Much of the rest of the chapter is equally interesting in the way Lenormant basically anticipated all of Hancock’s claims about the sacred brotherhood of the Shemsu-Hor, the lost race that founded Egypt, antediluvian architecture, etc. To that end, I have placed a longer excerpt in my Library, but it is probably worth noting that much of the argument is copied from Gaston Maspero’s Ancient History of the Peoples of the Orient (1875), which appears to be the original of the claims, but which I have not yet had the opportunity to read and review. That is next on my agenda.
You might be interested to know that when the book was translated into English, it offered a very different account of the Sphinx. I am not sure if that is due to the translator’s admitted rewriting or if the first French edition differed from the later ones. Here is part of the standard English translation of the same passage:
The great Sphinx at Gizeh, in the neighbourhood of the three great Pyramids, an immense rock, sculptured and built into this form, seems to have been finished in the reign of Schafra. Close by it M. Mariette has discovered, buried in the sand of the desert, a vast temple, which seems from sure indications to belong to the same reign. It is entirely constructed of enormous blocks of black or rose-coloured granite, and of oriental alabaster, without any sculpture or even ornament of any kind. Straight lines alone, in the severest purity, are used in its decoration.

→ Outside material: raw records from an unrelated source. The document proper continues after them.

(* Let $G=(V,E,w_G)$ be a directed graph with non-negative integer edge weights, $n=|V|$, $s\in V$, and $1\le h\le n$ an integer. Let $C\subseteq V$ contain $s$ and, for every pair of nodes $u,v$ for which the shortest path from $u$ to $v$ in $G$ consists of exactly $\lceil h/2\rceil$ nodes, at least one node of one of these shortest paths. For each $x\in C$ let $\tilde d(x,\cdot)$ satisfy $\mathrm{dist}_G(x,v)\le \tilde d(x,v)\le 2\,\mathrm{dist}^h_G(x,v)$ for all $v\in V$. Let $H=(C,C^2,w_H)$ with $w_H(x,y)=\tilde d(x,y)$. Let $G'=(V,E\cup(\{s\}\times C),w_{G'})$ where $w_{G'}(u,v)=\mathrm{dist}_H(u,v)$ for $(u,v)\in(\{s\}\times C)\setminus E$, $w_{G'}(u,v)=2w_G(u,v)$ for $(u,v)\in E\setminus(\{s\}\times C)$, and $w_{G'}(u,v)=\min(\mathrm{dist}_H(u,v),2w_G(u,v))$ for $(u,v)\in E\cap(\{s\}\times C)$. Then for every node $v\in V$, $\mathrm{dist}_G(s,v)\le \mathrm{dist}_{G'}(s,v)\le 2\,\mathrm{dist}_G(s,v)$.
   Context: For a weighted directed graph, $\mathrm{dist}(u,v)$ denotes the minimum weight of a directed path from $u$ to $v$. For an integer $h\ge1$, the $h$-hop distance $\mathrm{dist}^h(u,v)$ is the minimum weight among all directed paths from $u$ to $v$ with at most $h$ edges. *)

From mathcomp Require Import all_boot.
From mathcomp Require Import boolp.

Set Implicit Arguments.
Unset Strict Implicit.
Unset Printing Implicit Defensive.

(* Extended naturals N ∪ {+oo}: [Some k] is k, [None] is +oo. *)
Definition oleq (a b : option nat) : bool :=
  match b with
  | None => true
  | Some b' => match a with Some a' => (a' <= b')%N | None => false end
  end.

Definition odbl (a : option nat) : option nat := omap (fun k => 2 * k)%N a.

Definition omin (a b : option nat) : option nat :=
  match a, b with
  | None, _ => b
  | _, None => a
  | Some x, Some y => Some (minn x y)
  end.

Lemma oinf_ex (Q : nat -> Prop) : (exists k, Q k) -> exists k, `[< Q k >].
Proof. by case=> k Hk; exists k; apply/asboolP. Qed.

Definition oinf (Q : nat -> Prop) : option nat :=
  match pselect (exists k, Q k) with
  | left H => Some (ex_minn (oinf_ex H))
  | right _ => None
  end.

Section Graphs.
Variable T : finType.

(* A weighted directed graph on T: [w u v = Some c] means the edge (u,v)
   is present with weight c; [w u v = None] means there is no edge
   (equivalently, an edge of weight +oo). *)
Definition wgraph := T -> T -> option nat.

(* Weight of the walk u :: p (its edges are consecutive pairs);
   None if some consecutive pair is not an edge. *)
Fixpoint wwt (w : wgraph) (u : T) (p : seq T) : option nat :=
  match p with
  | [::] => Some 0
  | v :: p' => obind (fun a => omap (addn a) (wwt w v p')) (w u v)
  end.

Definition dist (w : wgraph) (u v : T) : option nat :=
  oinf (fun k => exists p : seq T, last u p = v /\ wwt w u p = Some k).

Definition hdist (w : wgraph) (h : nat) (u v : T) : option nat :=
  oinf (fun k => exists p : seq T,
          (size p <= h)%N /\ last u p = v /\ wwt w u p = Some k).

Definition shortest_path (w : wgraph) (u v : T) (p : seq T) : Prop :=
  uniq (u :: p) /\ last u p = v /\
  exists k, wwt w u p = Some k /\ dist w u v = Some k.

End Graphs.

Definition graph_of (T : finType) (E : rel T) (wG : T -> T -> nat) : wgraph T :=
  fun u v => if E u v then Some (wG u v) else None.

(* H = (C, C^2, w_H) with w_H(x,y) = dt x y, represented on the vertex type
   T with all edges touching a vertex outside C removed. *)
Definition graph_H (T : finType) (C : {set T}) (dt : T -> T -> option nat)
  : wgraph T :=
  fun x y => if (x \in C) && (y \in C) then dt x y else None.

Definition graph_G' (T : finType) (E : rel T) (wG : T -> T -> nat)
  (C : {set T}) (dt : T -> T -> option nat) (s : T) : wgraph T :=
  fun u v =>
    if (u == s) && (v \in C) then
      (if E u v then omin (dist (graph_H C dt) u v) (Some (2 * wG u v)%N)
       else dist (graph_H C dt) u v)
    else if E u v then Some (2 * wG u v)%N else None.

(* Both bounds are comparisons of graphs edge by edge.  Every edge of G' has
   weight at least the G-distance between its endpoints, because the weights
   of H (hence H-distances) dominate G-distances; so G'-walks never beat
   G-distances.  Conversely G' contains every edge of G at no more than twice
   its weight, so G'-distances are at most twice G-distances. *)
From mathcomp Require Import all_boot.
From mathcomp Require Import boolp.

Set Implicit Arguments.
Unset Strict Implicit.
Unset Printing Implicit Defensive.

Lemma oleq_trans : transitive oleq.
Proof. by move=> [b|] [a|] [c|] //=; apply: leq_trans. Qed.

Section Walks.
Variable T : finType.
Implicit Types (w : wgraph T) (u v x y : T) (p q : seq T).

Definition walk_le w u v k : Prop :=
  exists p, last u p = v /\ exists2 k', wwt w u p = Some k' & (k' <= k)%N.

Lemma wwt_cat w u p q a b :
  wwt w u p = Some a -> wwt w (last u p) q = Some b ->
  wwt w u (p ++ q) = Some (a + b).
Proof.
elim: p u a => [|x p IH] u a /=; first by case=> <-.
case: (w u x) => [c|] //=; case Hp: (wwt w x p) => [d|] //= [<-] Hq.
by rewrite (IH x d Hp Hq) /= addnA.
Qed.

Lemma walk_le_nil w u : walk_le w u u 0.
Proof. by exists [::]; split => //; exists 0. Qed.

Lemma walk_le_edge w x y c : w x y = Some c -> walk_le w x y c.
Proof. by move=> Hxy; exists [:: y]; split => //; exists c => //; rewrite /= Hxy /= addn0. Qed.

Lemma walk_le_mono w u v a b : (a <= b)%N -> walk_le w u v a -> walk_le w u v b.
Proof.
move=> Hab [p [Hl [k Hw Hk]]]; exists p; split => //.
by exists k => //; apply: leq_trans Hab.
Qed.

Lemma walk_le_cat w u x v a b :
  walk_le w u x a -> walk_le w x v b -> walk_le w u v (a + b).
Proof.
move=> [p [<- [k Hp Hk]]] [q [<- [k' Hq Hk']]].
exists (p ++ q); split; first by rewrite last_cat.
by exists (k + k'); [apply: wwt_cat | apply: leq_add].
Qed.

Lemma dist_leP w u v k : oleq (dist w u v) (Some k) <-> walk_le w u v k.
Proof.
rewrite /dist /oinf; case: pselect => [Hex|Hex]; last first.
  by split=> // [[p [Hl [k' Hw _]]]]; case: Hex; exists k', p.
case: ex_minnP => m /asboolP [p [Hl Hw]] Hmin /=; split=> [Hm|].
  by exists p; split => //; exists m.
case=> q [Hl' [k' Hw' Hk']]; apply: leq_trans Hk'.
by apply: Hmin; apply/asboolP; exists q.
Qed.

Lemma dist_le_of_edges w w' :
  (forall x y c, w' x y = Some c -> oleq (dist w x y) (Some c)) ->
  forall u v, oleq (dist w u v) (dist w' u v).
Proof.
move=> Hedge u v; case Hd: (dist w' u v) => [k|]; last by case: (dist w u v).
have /dist_leP [p [<- [k' Hp Hk']]] : oleq (dist w' u v) (Some k) by rewrite Hd /=.
apply/dist_leP/(walk_le_mono Hk'); elim: p u k' Hp {Hd Hk'} => [|x p IH] u k' /=.
  by case=> <-; apply: walk_le_nil.
case Hux: (w' u x) => [c|] //=; case Hp: (wwt w' x p) => [d|] //= [<-].
by apply: walk_le_cat (IH _ _ Hp); apply/dist_leP/Hedge.
Qed.

Lemma dist_le_scale w w' a :
  (forall x y c, w x y = Some c -> exists2 c', w' x y = Some c' & (c' <= a * c)%N) ->
  forall u v, oleq (dist w' u v) (omap (muln a) (dist w u v)).
Proof.
move=> Hedge u v; case Hd: (dist w u v) => [k|] /=; last by case: (dist w' u v).
have /dist_leP [p [<- [k' Hp Hk']]] : oleq (dist w u v) (Some k) by rewrite Hd /=.
apply/dist_leP/(walk_le_mono (leq_mul (leqnn a) Hk')).
elim: p u k' Hp {Hd Hk'} => [|x p IH] u k' /=.
  by case=> <-; rewrite muln0; apply: walk_le_nil.
case Hux: (w u x) => [c|] //=; case Hp: (wwt w x p) => [d|] //= [<-].
have [c' Hc' Hc] := Hedge _ _ _ Hux.
rewrite mulnDr; apply: walk_le_cat (IH _ _ Hp).
exact: walk_le_mono Hc (walk_le_edge Hc').
Qed.

End Walks.

Section DoubledGraph.
Variables (V : finType) (E : rel V) (wG : V -> V -> nat).
Variables (C : {set V}) (dt : V -> V -> option nat) (s : V).
Let G := graph_of E wG.

Lemma dist_graph_of_edge x y : E x y -> oleq (dist G x y) (Some (wG x y)).
Proof. by move=> Exy; apply/dist_leP/walk_le_edge; rewrite /G /graph_of Exy. Qed.

Lemma graph_G'_edge_le x y c :
  G x y = Some c ->
  exists2 c', graph_G' E wG C dt s x y = Some c' & (c' <= 2 * c)%N.
Proof.
rewrite /G /graph_of /graph_G'; case: (E x y) => //; case=> <-.
case: andP => _; last by exists (2 * wG x y).
case: (dist (graph_H C dt) x y) => [d|] /=; last by exists (2 * wG x y).
by exists (minn d (2 * wG x y)); rewrite ?geq_minr.
Qed.

Hypothesis dt_ge_dist : forall x, x \in C -> forall v, oleq (dist G x v) (dt x v).

Lemma dist_graph_H_ge x y : oleq (dist G x y) (dist (graph_H C dt) x y).
Proof.
apply: dist_le_of_edges => {}x {}y c; rewrite /graph_H.
by case: andP => // [[Cx _]] Hc; rewrite -Hc dt_ge_dist.
Qed.

Lemma graph_G'_edge_ge x y c :
  graph_G' E wG C dt s x y = Some c -> oleq (dist G x y) (Some c).
Proof.
have doubled_ge : E x y -> oleq (dist G x y) (Some (2 * wG x y)).
  by move=> Exy; apply: oleq_trans (dist_graph_of_edge Exy) _; rewrite /= leq_pmull.
have := dist_graph_H_ge x y; rewrite /graph_G'.
case: andP => _; case Exy: (E x y) => //.
- case: (dist (graph_H C dt) x y) => [d|] distH_ge [<-]; last exact: doubled_ge.
  by case: (leqP d (2 * wG x y)) => _; [apply: distH_ge | apply: doubled_ge].
- by move=> distH_ge Hd; rewrite -Hd.
- by move=> _ [<-]; apply: doubled_ge.
Qed.

End DoubledGraph.

Theorem lemma3p2 (V : finType) (E : rel V) (wG : V -> V -> nat) (s : V)
  (h : nat) (C : {set V}) (dt : V -> V -> option nat) :
  (0 < h)%N -> (h <= #|V|)%N ->
  s \in C ->
  (* hitting property: whenever the shortest paths from u to v have (at
     minimum) exactly ceil(h/2) nodes, C contains a node of one of them *)
  (forall u v : V,
     (exists p, shortest_path (graph_of E wG) u v p /\ (size p).+1 = uphalf h) ->
     (forall p, shortest_path (graph_of E wG) u v p -> (uphalf h <= (size p).+1)%N) ->
     exists p x, [/\ shortest_path (graph_of E wG) u v p, (size p).+1 = uphalf h,
                     x \in u :: p & x \in C]) ->
  (forall x, x \in C -> forall v : V,
     oleq (dist (graph_of E wG) x v) (dt x v) /\
     oleq (dt x v) (odbl (hdist (graph_of E wG) h x v))) ->
  forall v : V,
    oleq (dist (graph_of E wG) s v) (dist (graph_G' E wG C dt s) s v) /\
    oleq (dist (graph_G' E wG C dt s) s v) (odbl (dist (graph_of E wG) s v)).
Proof.
move=> _ _ _ _ Hdt v.
have dt_ge_dist x (Cx : x \in C) u := (Hdt x Cx u).1.
split; first exact/dist_le_of_edges/(graph_G'_edge_ge dt_ge_dist).
exact/dist_le_scale/graph_G'_edge_le.
Qed.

Fascinating how different the editions, only a few years apart, became.
But the inscription Lenormant refers to can be ascertained from the text. It is clearly the Inventory Stela, which is not a Fourth Dynasty text but rather a 26th dynasty one of c. 670 BCE. Lenormant wrongly took the inscription at face value, and he used it to support an old belief, already then falling out of fashion, that the Valley Temple predated dynastic Egypt, an opinion at one time held by Auguste Mariette, Flinders Petrie, and other luminaries before the chronology of the Giza Plateau had been worked out. Maspero was one of the most important advocates of the predynastic Sphinx in that era.
I am, frankly, rather bored by discovering that nearly every major claim made by fringe authors is merely a reworking of some Victorian speculation, repeated, often nearly verbatim, from old books they assumed that their audience could not or would not read.